* EXERCISE AIM *
For the material that follows, return exactly the lines from the one with "unfold AG; rewrite <- HF, Fop; reflexivity." through the one with "Lemma preserves_joins_iff (M", both ends included.

* LISTED RECORDS *
(* Let $F:\mathcal A\to\mathcal B$ be a modal functor between modal categories, and suppose the semantic functor $(-)^+_{\mathcal B}$ is injective on objects. Then $F$ preserves arbitrary meets fibre-wise (i.e. for every set $X$ the restriction $F_X:\mathcal A_X\to\mathcal B_X$ preserves all meets, including the empty meet) if and only if $F$ preserves the interpretation of $\mathcal L^D_{\Sigma_l}$ for every nonempty set $\Sigma$. Dually, $F$ preserves arbitrary joins fibre-wise iff $F$ preserves the interpretation of $\mathcal L^D_{\Sigma_r}$ for every nonempty set $\Sigma$. Here preserving the interpretation means: for every set $X$, every tuple $(A_a)_{a\in\Sigma}$ in $\mathcal A_X$, every $V:\mathsf P\to\wp(X)$ and every formula $\varphi$, $[\![\varphi]\!]^V_{(A_a)_a}=[\![\varphi]\!]^V_{(FA_a)_a}$.
   Context: A modal category is a topological category $\mathcal A$ over $\mathbf{Set}$ (faithful forgetful functor; every structured source has exactly one initial lift; each fibre $\mathcal A_X$ of objects over $X$, ordered by $A\le A'$ iff $\mathrm{id}_X$ is a morphism $A\to A'$, is a complete lattice) with a concrete functor $(-)^+:\mathcal A\to\mathbf{CABAO}$; $\mathbf{CABAO}$ has objects $(X,m)$ with $m:\wp(X)\to\wp(X)$ arbitrary and morphisms $f:(X,m)\to(Y,n)$ the functions with $f^{-1}(n(T))\subseteq m(f^{-1}(T))$ for all $T$; $A^+$ is the operator of $A$. A modal functor is a concrete functor $F$ (commuting with the forgetful functors) with $(FA)^+_{\mathcal B}=A^+_{\mathcal A}$ for all $A$. Fix a nonempty set $\mathsf P$ of propositional variables. $\mathcal L^D_{\Sigma_l}$ and $\mathcal L^D_{\Sigma_r}$ have formulas $p\mid\varphi\wedge\psi\mid\neg\varphi\mid\Box_G\varphi\mid K_GH$ for $p\in\mathsf P$, $G,H\subseteq\Sigma$. On a tuple $(A_a)_{a\in\Sigma}$ in $\mathcal A_X$ and $V:\mathsf P\to\wp(X)$: let $A_G=\bigwedge_{a\in G}A_a$ (meet in $\mathcal A_X$) for $\mathcal L^D_{\Sigma_l}$, and $A_G=\bigvee_{a\in G}A_a$ for $\mathcal L^D_{\Sigma_r}$; $[\![p]\!]=V(p)$, Boolean connectives are intersection and complement, $[\![\Box_G\varphi]\!]=A_G^+([\![\varphi]\!])$, $[\![K_GH]\!]=\{x:\forall S\subseteq X\,(x\in A_H^+(S)\Rightarrow x\in A_G^+(S))\}$. The tuple $(FA_a)_a$ is interpreted in $\mathcal B$ in the same way. *)

Set Implicit Arguments.
Unset Strict Implicit.

(** A concrete category over Set is presented by its fibres: [fib X] is the
    type of objects A with underlying set X, and [hom A B f] says that the
    function f : X -> Y underlies a morphism A -> B (faithfulness is built in). *)

Section Generic.
Variable fib : Type -> Type.
Variable hom : forall X Y : Type, fib X -> fib Y -> (X -> Y) -> Prop.

Definition fle (X : Type) (A A' : fib X) : Prop := hom A A' (fun x => x).

Definition is_glb (X I : Type) (fam : I -> fib X) (m : fib X) : Prop :=
  (forall i, fle m (fam i)) /\ (forall b, (forall i, fle b (fam i)) -> fle b m).

Definition is_lub (X I : Type) (fam : I -> fib X) (m : fib X) : Prop :=
  (forall i, fle (fam i) m) /\ (forall b, (forall i, fle (fam i) b) -> fle m b).

Definition initial_lift (X I : Type) (Y : I -> Type) (B : forall i, fib (Y i))
  (f : forall i, X -> Y i) (A : fib X) : Prop :=
  (forall i, hom A (B i) (f i)) /\
  (forall (Z : Type) (C : fib Z) (g : Z -> X),
      hom C A g <-> (forall i, hom C (B i) (fun z => f i (g z)))).
End Generic.

Record ModalCat := {
  fib : Type -> Type;
  hom : forall X Y : Type, fib X -> fib Y -> (X -> Y) -> Prop;
  hom_id : forall (X : Type) (A : fib X), hom A A (fun x => x);
  hom_comp : forall (X Y Z : Type) (A : fib X) (B : fib Y) (C : fib Z)
      (f : X -> Y) (g : Y -> Z),
      hom A B f -> hom B C g -> hom A C (fun x => g (f x));
  topological : forall (X I : Type) (Y : I -> Type) (B : forall i, fib (Y i))
      (f : forall i, X -> Y i),
      exists A : fib X, initial_lift hom B f A /\
        (forall A' : fib X, initial_lift hom B f A' -> A' = A);
  fle_antisym : forall (X : Type) (A A' : fib X),
      fle hom A A' -> fle hom A' A -> A = A';
  meet : forall (X I : Type), (I -> fib X) -> fib X;
  meet_glb : forall (X I : Type) (fam : I -> fib X), is_glb hom fam (meet fam);
  join : forall (X I : Type), (I -> fib X) -> fib X;
  join_lub : forall (X I : Type) (fam : I -> fib X), is_lub hom fam (join fam);
  (* the concrete functor (-)^+ : A -> CABAO *)
  op : forall X : Type, fib X -> (X -> Prop) -> (X -> Prop);
  op_mor : forall (X Y : Type) (A : fib X) (B : fib Y) (f : X -> Y),
      hom A B f -> forall (T : Y -> Prop) (x : X),
      op B T (f x) -> op A (fun y => T (f y)) x
}.

Arguments hom {m X Y}.
Arguments meet {m X I}.
Arguments join {m X I}.
Arguments op {m X}.

Record ModalFunctor (M N : ModalCat) := {
  Fobj : forall X : Type, fib M X -> fib N X;
  Fmor : forall (X Y : Type) (A : fib M X) (B : fib M Y) (f : X -> Y),
      hom A B f -> hom (Fobj A) (Fobj B) f;
  Fop : forall (X : Type) (A : fib M X), op (Fobj A) = op A
}.
Arguments Fobj {M N} _ {X} _.

(* (-)^+ injective on objects (objects over different sets are trivially
   sent to different CABAOs, so only the fibre-wise condition matters) *)
Definition op_injective (M : ModalCat) : Prop :=
  forall (X : Type) (A A' : fib M X), op A = op A' -> A = A'.

Definition preserves_meets (M N : ModalCat) (F : ModalFunctor M N) : Prop :=
  forall (X I : Type) (fam : I -> fib M X) (m : fib M X),
    is_glb (@hom M) fam m -> is_glb (@hom N) (fun i => Fobj F (fam i)) (Fobj F m).

Definition preserves_joins (M N : ModalCat) (F : ModalFunctor M N) : Prop :=
  forall (X I : Type) (fam : I -> fib M X) (m : fib M X),
    is_lub (@hom M) fam m -> is_lub (@hom N) (fun i => Fobj F (fam i)) (Fobj F m).

Inductive form (Sigma P : Type) : Type :=
| FVar : P -> form Sigma P
| FAnd : form Sigma P -> form Sigma P -> form Sigma P
| FNeg : form Sigma P -> form Sigma P
| FBox : (Sigma -> Prop) -> form Sigma P -> form Sigma P
| FK : (Sigma -> Prop) -> (Sigma -> Prop) -> form Sigma P.

Fixpoint sem (M : ModalCat) (Sigma P X : Type) (AG : (Sigma -> Prop) -> fib M X)
    (V : P -> X -> Prop) (phi : form Sigma P) : X -> Prop :=
  match phi with
  | FVar _ p => V p
  | FAnd a b => fun x => sem AG V a x /\ sem AG V b x
  | FNeg a => fun x => ~ sem AG V a x
  | FBox G a => op (AG G) (sem AG V a)
  | FK _ G H => fun x => forall S : X -> Prop, op (AG H) S x -> op (AG G) S x
  end.

Definition AG_l (M : ModalCat) (Sigma X : Type) (A : Sigma -> fib M X)
    (G : Sigma -> Prop) : fib M X :=
  meet (fun s : {a : Sigma | G a} => A (proj1_sig s)).

Definition AG_r (M : ModalCat) (Sigma X : Type) (A : Sigma -> fib M X)
    (G : Sigma -> Prop) : fib M X :=
  join (fun s : {a : Sigma | G a} => A (proj1_sig s)).

Definition preserves_L_l (P : Type) (M N : ModalCat) (F : ModalFunctor M N) : Prop :=
  forall (Sigma : Type), inhabited Sigma ->
  forall (X : Type) (A : Sigma -> fib M X) (V : P -> X -> Prop) (phi : form Sigma P),
    sem (AG_l A) V phi = sem (AG_l (fun a => Fobj F (A a))) V phi.

Definition preserves_L_r (P : Type) (M N : ModalCat) (F : ModalFunctor M N) : Prop :=
  forall (Sigma : Type), inhabited Sigma ->
  forall (X : Type) (A : Sigma -> fib M X) (V : P -> X -> Prop) (phi : form Sigma P),
    sem (AG_r A) V phi = sem (AG_r (fun a => Fobj F (A a))) V phi.

(* Both languages read the objects A_G only through their operators A_G^+, so
   the interpretation is preserved as soon as F commutes with the fibre-wise
   meets (joins) that form A_G.  Conversely, the formula Box_G p, evaluated
   under the valuation constantly equal to S, forces (F A)_G^+ (S) = F(A_G)^+ (S);
   injectivity of (-)^+ on B then gives (F A)_G = F(A_G).  An arbitrary meet
   is of this shape: index the family by the nonempty set option I and take
   for G the image of Some. *)

From Stdlib Require Import Setoid FunctionalExtensionality.

Set Implicit Arguments.
Unset Strict Implicit.

Section Fibres.
Variable K : ModalCat.

Lemma is_glb_unique (X I : Type) (fam : I -> fib K X) (m m' : fib K X) :
  is_glb (@hom K) fam m -> is_glb (@hom K) fam m' -> m = m'.
Proof.
  intros [Hm Hm_max] [Hm' Hm'_max].
  apply fle_antisym; [apply Hm'_max | apply Hm_max]; assumption.
Qed.

Lemma is_lub_unique (X I : Type) (fam : I -> fib K X) (m m' : fib K X) :
  is_lub (@hom K) fam m -> is_lub (@hom K) fam m' -> m = m'.
Proof.
  intros [Hm Hm_min] [Hm' Hm'_min].
  apply fle_antisym; [apply Hm_min | apply Hm'_min]; assumption.
Qed.

Lemma is_glb_meet (X I : Type) (fam : I -> fib K X) (m : fib K X) :
  is_glb (@hom K) fam m -> meet fam = m.
Proof. apply is_glb_unique, meet_glb. Qed.

Lemma is_lub_join (X I : Type) (fam : I -> fib K X) (m : fib K X) :
  is_lub (@hom K) fam m -> join fam = m.
Proof. apply is_lub_unique, join_lub. Qed.

Lemma is_glb_reindex (X I J : Type) (e : I -> J) (h : J -> fib K X) (m : fib K X) :
  (forall j, exists i, e i = j) ->
  is_glb (@hom K) (fun i => h (e i)) m <-> is_glb (@hom K) h m.
Proof.
  intros e_surj; split; intros [Hlow Hmax]; split.
  - intro j; destruct (e_surj j) as [i <-]; apply Hlow.
  - intros b Hb; apply Hmax; intro i; apply Hb.
  - intro i; apply Hlow.
  - intros b Hb; apply Hmax; intro j; destruct (e_surj j) as [i <-]; apply Hb.
Qed.

Lemma is_lub_reindex (X I J : Type) (e : I -> J) (h : J -> fib K X) (m : fib K X) :
  (forall j, exists i, e i = j) ->
  is_lub (@hom K) (fun i => h (e i)) m <-> is_lub (@hom K) h m.
Proof.
  intros e_surj; split; intros [Hup Hmin]; split.
  - intro j; destruct (e_surj j) as [i <-]; apply Hup.
  - intros b Hb; apply Hmin; intro i; apply Hb.
  - intro i; apply Hup.
  - intros b Hb; apply Hmin; intro j; destruct (e_surj j) as [i <-]; apply Hb.
Qed.

Lemma meet_reindex (X I J : Type) (e : I -> J) (h : J -> fib K X) :
  (forall j, exists i, e i = j) -> meet (fun i => h (e i)) = meet h.
Proof.
  intros e_surj; apply is_glb_meet, (is_glb_reindex h _ e_surj), meet_glb.
Qed.

Lemma join_reindex (X I J : Type) (e : I -> J) (h : J -> fib K X) :
  (forall j, exists i, e i = j) -> join (fun i => h (e i)) = join h.
Proof.
  intros e_surj; apply is_lub_join, (is_lub_reindex h _ e_surj), join_lub.
Qed.

End Fibres.

Lemma sem_op_ext (M N : ModalCat) (Sigma P X : Type)
    (AG : (Sigma -> Prop) -> fib M X) (BG : (Sigma -> Prop) -> fib N X)
    (V : P -> X -> Prop) :
  (forall G, op (AG G) = op (BG G)) ->
  forall phi, sem AG V phi = sem BG V phi.
Proof.
  intros HG phi; induction phi as [p | a IHa b IHb | a IHa | G a IHa | G H];
    simpl; try rewrite IHa; try rewrite IHb; rewrite ?HG; reflexivity.
Qed.

Definition AG (K : ModalCat) (agg : forall X I : Type, (I -> fib K X) -> fib K X)
    (Sigma X : Type) (A : Sigma -> fib K X) (G : Sigma -> Prop) : fib K X :=
  agg X _ (fun s : {a : Sigma | G a} => A (proj1_sig s)).

Lemma AG_image_Some (K : ModalCat) (agg : forall X I : Type, (I -> fib K X) -> fib K X)
    (X I : Type) (g : option I -> fib K X) :
  (forall (J : Type) (e : I -> J) (h : J -> fib K X),
     (forall j, exists i, e i = j) -> agg X I (fun i => h (e i)) = agg X J h) ->
  AG agg g (fun a => exists i, a = Some i) = agg X I (fun i => g (Some i)).
Proof.
  intros Hreindex; unfold AG; symmetry.
  apply (Hreindex _ (fun i => exist (fun a => exists j, a = Some j) (Some i)
                                    (ex_intro _ i eq_refl))
                  (fun s => g (proj1_sig s))).
  intros [a [i ->]]; exists i; reflexivity.
Qed.

(* [AG_l] and [AG_r] are [AG (@meet _)] and [AG (@join _)] up to conversion. *)
Section Aggregation.
Variables M N : ModalCat.
Variable F : ModalFunctor M N.
Variable aggM : forall X I : Type, (I -> fib M X) -> fib M X.
Variable aggN : forall X I : Type, (I -> fib N X) -> fib N X.

Definition preserves_agg : Prop :=
  forall (X I : Type) (fam : I -> fib M X),
    Fobj F (aggM fam) = aggN (fun i => Fobj F (fam i)).

Lemma sem_AG_preserved (P : Type) :
  preserves_agg ->
  forall (Sigma X : Type) (A : Sigma -> fib M X) (V : P -> X -> Prop) phi,
    sem (AG (@aggM) A) V phi = sem (AG (@aggN) (fun a => Fobj F (A a))) V phi.
Proof.
  intros HF Sigma X A V; apply sem_op_ext; intro G.
  unfold AG; rewrite <- HF, Fop; reflexivity.
Qed.

Lemma op_AG_of_sem_preserved (P : Type) (p : P) (Sigma X : Type)
    (A : Sigma -> fib M X) (G : Sigma -> Prop) :
  (forall V : P -> X -> Prop, forall phi,
     sem (AG (@aggM) A) V phi = sem (AG (@aggN) (fun a => Fobj F (A a))) V phi) ->
  op (AG (@aggM) A G) = op (AG (@aggN) (fun a => Fobj F (A a)) G).
Proof.
  intros Hsem; apply functional_extensionality; intro S.
  exact (Hsem (fun _ => S) (FBox G (FVar _ p))).
Qed.

Hypothesis aggM_reindex : forall (X I J : Type) (e : I -> J) (h : J -> fib M X),
  (forall j, exists i, e i = j) -> aggM (fun i => h (e i)) = aggM h.
Hypothesis aggN_reindex : forall (X I J : Type) (e : I -> J) (h : J -> fib N X),
  (forall j, exists i, e i = j) -> aggN (fun i => h (e i)) = aggN h.

Lemma preserves_agg_of_sem_preserved (P : Type) (p : P) :
  op_injective N ->
  (forall Sigma : Type, inhabited Sigma ->
   forall (X : Type) (A : Sigma -> fib M X) (V : P -> X -> Prop) phi,
     sem (AG (@aggM) A) V phi = sem (AG (@aggN) (fun a => Fobj F (A a))) V phi) ->
  preserves_agg.
Proof.
  intros Hinj Hsem X I fam.
  (* the padding value at [None] is irrelevant, it only makes the index set nonempty *)
  set (g := fun o : option I => match o with Some i => fam i | None => aggM fam end).
  assert (Hop := op_AG_of_sem_preserved p (fun a => exists i, a = Some i)
                                        (Hsem _ (inhabits None) X g)).
  rewrite (AG_image_Some g (aggM_reindex (I := I))) in Hop.
  rewrite (AG_image_Some (fun a => Fobj F (g a)) (aggN_reindex (I := I))) in Hop.
  apply Hinj; rewrite Fop; exact Hop.
Qed.

End Aggregation.

Lemma preserves_meets_iff (M N : ModalCat) (F : ModalFunctor M N) :
  preserves_meets F <-> preserves_agg F (@meet M) (@meet N).
Proof.
  split.
  - intros HF X I fam; symmetry; apply is_glb_meet, HF, meet_glb.
  - intros HF X I fam m Hm.
    rewrite <- (is_glb_meet Hm), HF; apply meet_glb.
Qed.

Lemma preserves_joins_iff (M N : ModalCat) (F : ModalFunctor M N) :
  preserves_joins F <-> preserves_agg F (@join M) (@join N).
Proof.
  split.
  - intros HF X I fam; symmetry; apply is_lub_join, HF, join_lub.
  - intros HF X I fam m Hm.
    rewrite <- (is_lub_join Hm), HF; apply join_lub.
Qed.

Theorem theorem4 (P : Type) (HP : inhabited P) (M N : ModalCat)
  (F : ModalFunctor M N) (Hinj : op_injective N) :
  (preserves_meets F <-> preserves_L_l P F) /\
  (preserves_joins F <-> preserves_L_r P F).
Proof.
  destruct HP as [p].
  rewrite preserves_meets_iff, preserves_joins_iff.
  split; split.
  - intros HF Sigma _; exact (sem_AG_preserved HF (Sigma := Sigma)).
  - apply (preserves_agg_of_sem_preserved (meet_reindex (K := M))
             (meet_reindex (K := N)) p Hinj).
  - intros HF Sigma _; exact (sem_AG_preserved HF (Sigma := Sigma)).
  - apply (preserves_agg_of_sem_preserved (join_reindex (K := M))
             (join_reindex (K := N)) p Hinj).
Qed.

* TASK ANSWER *
  unfold AG; rewrite <- HF, Fop; reflexivity.
Qed.

Lemma op_AG_of_sem_preserved (P : Type) (p : P) (Sigma X : Type)
    (A : Sigma -> fib M X) (G : Sigma -> Prop) :
  (forall V : P -> X -> Prop, forall phi,
     sem (AG (@aggM) A) V phi = sem (AG (@aggN) (fun a => Fobj F (A a))) V phi) ->
  op (AG (@aggM) A G) = op (AG (@aggN) (fun a => Fobj F (A a)) G).
Proof.
  intros Hsem; apply functional_extensionality; intro S.
  exact (Hsem (fun _ => S) (FBox G (FVar _ p))).
Qed.

Hypothesis aggM_reindex : forall (X I J : Type) (e : I -> J) (h : J -> fib M X),
  (forall j, exists i, e i = j) -> aggM (fun i => h (e i)) = aggM h.
Hypothesis aggN_reindex : forall (X I J : Type) (e : I -> J) (h : J -> fib N X),
  (forall j, exists i, e i = j) -> aggN (fun i => h (e i)) = aggN h.

Lemma preserves_agg_of_sem_preserved (P : Type) (p : P) :
  op_injective N ->
  (forall Sigma : Type, inhabited Sigma ->
   forall (X : Type) (A : Sigma -> fib M X) (V : P -> X -> Prop) phi,
     sem (AG (@aggM) A) V phi = sem (AG (@aggN) (fun a => Fobj F (A a))) V phi) ->
  preserves_agg.
Proof.
  intros Hinj Hsem X I fam.
  (* the padding value at [None] is irrelevant, it only makes the index set nonempty *)
  set (g := fun o : option I => match o with Some i => fam i | None => aggM fam end).
  assert (Hop := op_AG_of_sem_preserved p (fun a => exists i, a = Some i)
                                        (Hsem _ (inhabits None) X g)).
  rewrite (AG_image_Some g (aggM_reindex (I := I))) in Hop.
  rewrite (AG_image_Some (fun a => Fobj F (g a)) (aggN_reindex (I := I))) in Hop.
  apply Hinj; rewrite Fop; exact Hop.
Qed.

End Aggregation.

Lemma preserves_meets_iff (M N : ModalCat) (F : ModalFunctor M N) :
  preserves_meets F <-> preserves_agg F (@meet M) (@meet N).
Proof.
  split.
  - intros HF X I fam; symmetry; apply is_glb_meet, HF, meet_glb.
  - intros HF X I fam m Hm.
    rewrite <- (is_glb_meet Hm), HF; apply meet_glb.
Qed.

Lemma preserves_joins_iff (M N : ModalCat) (F : ModalFunctor M N) :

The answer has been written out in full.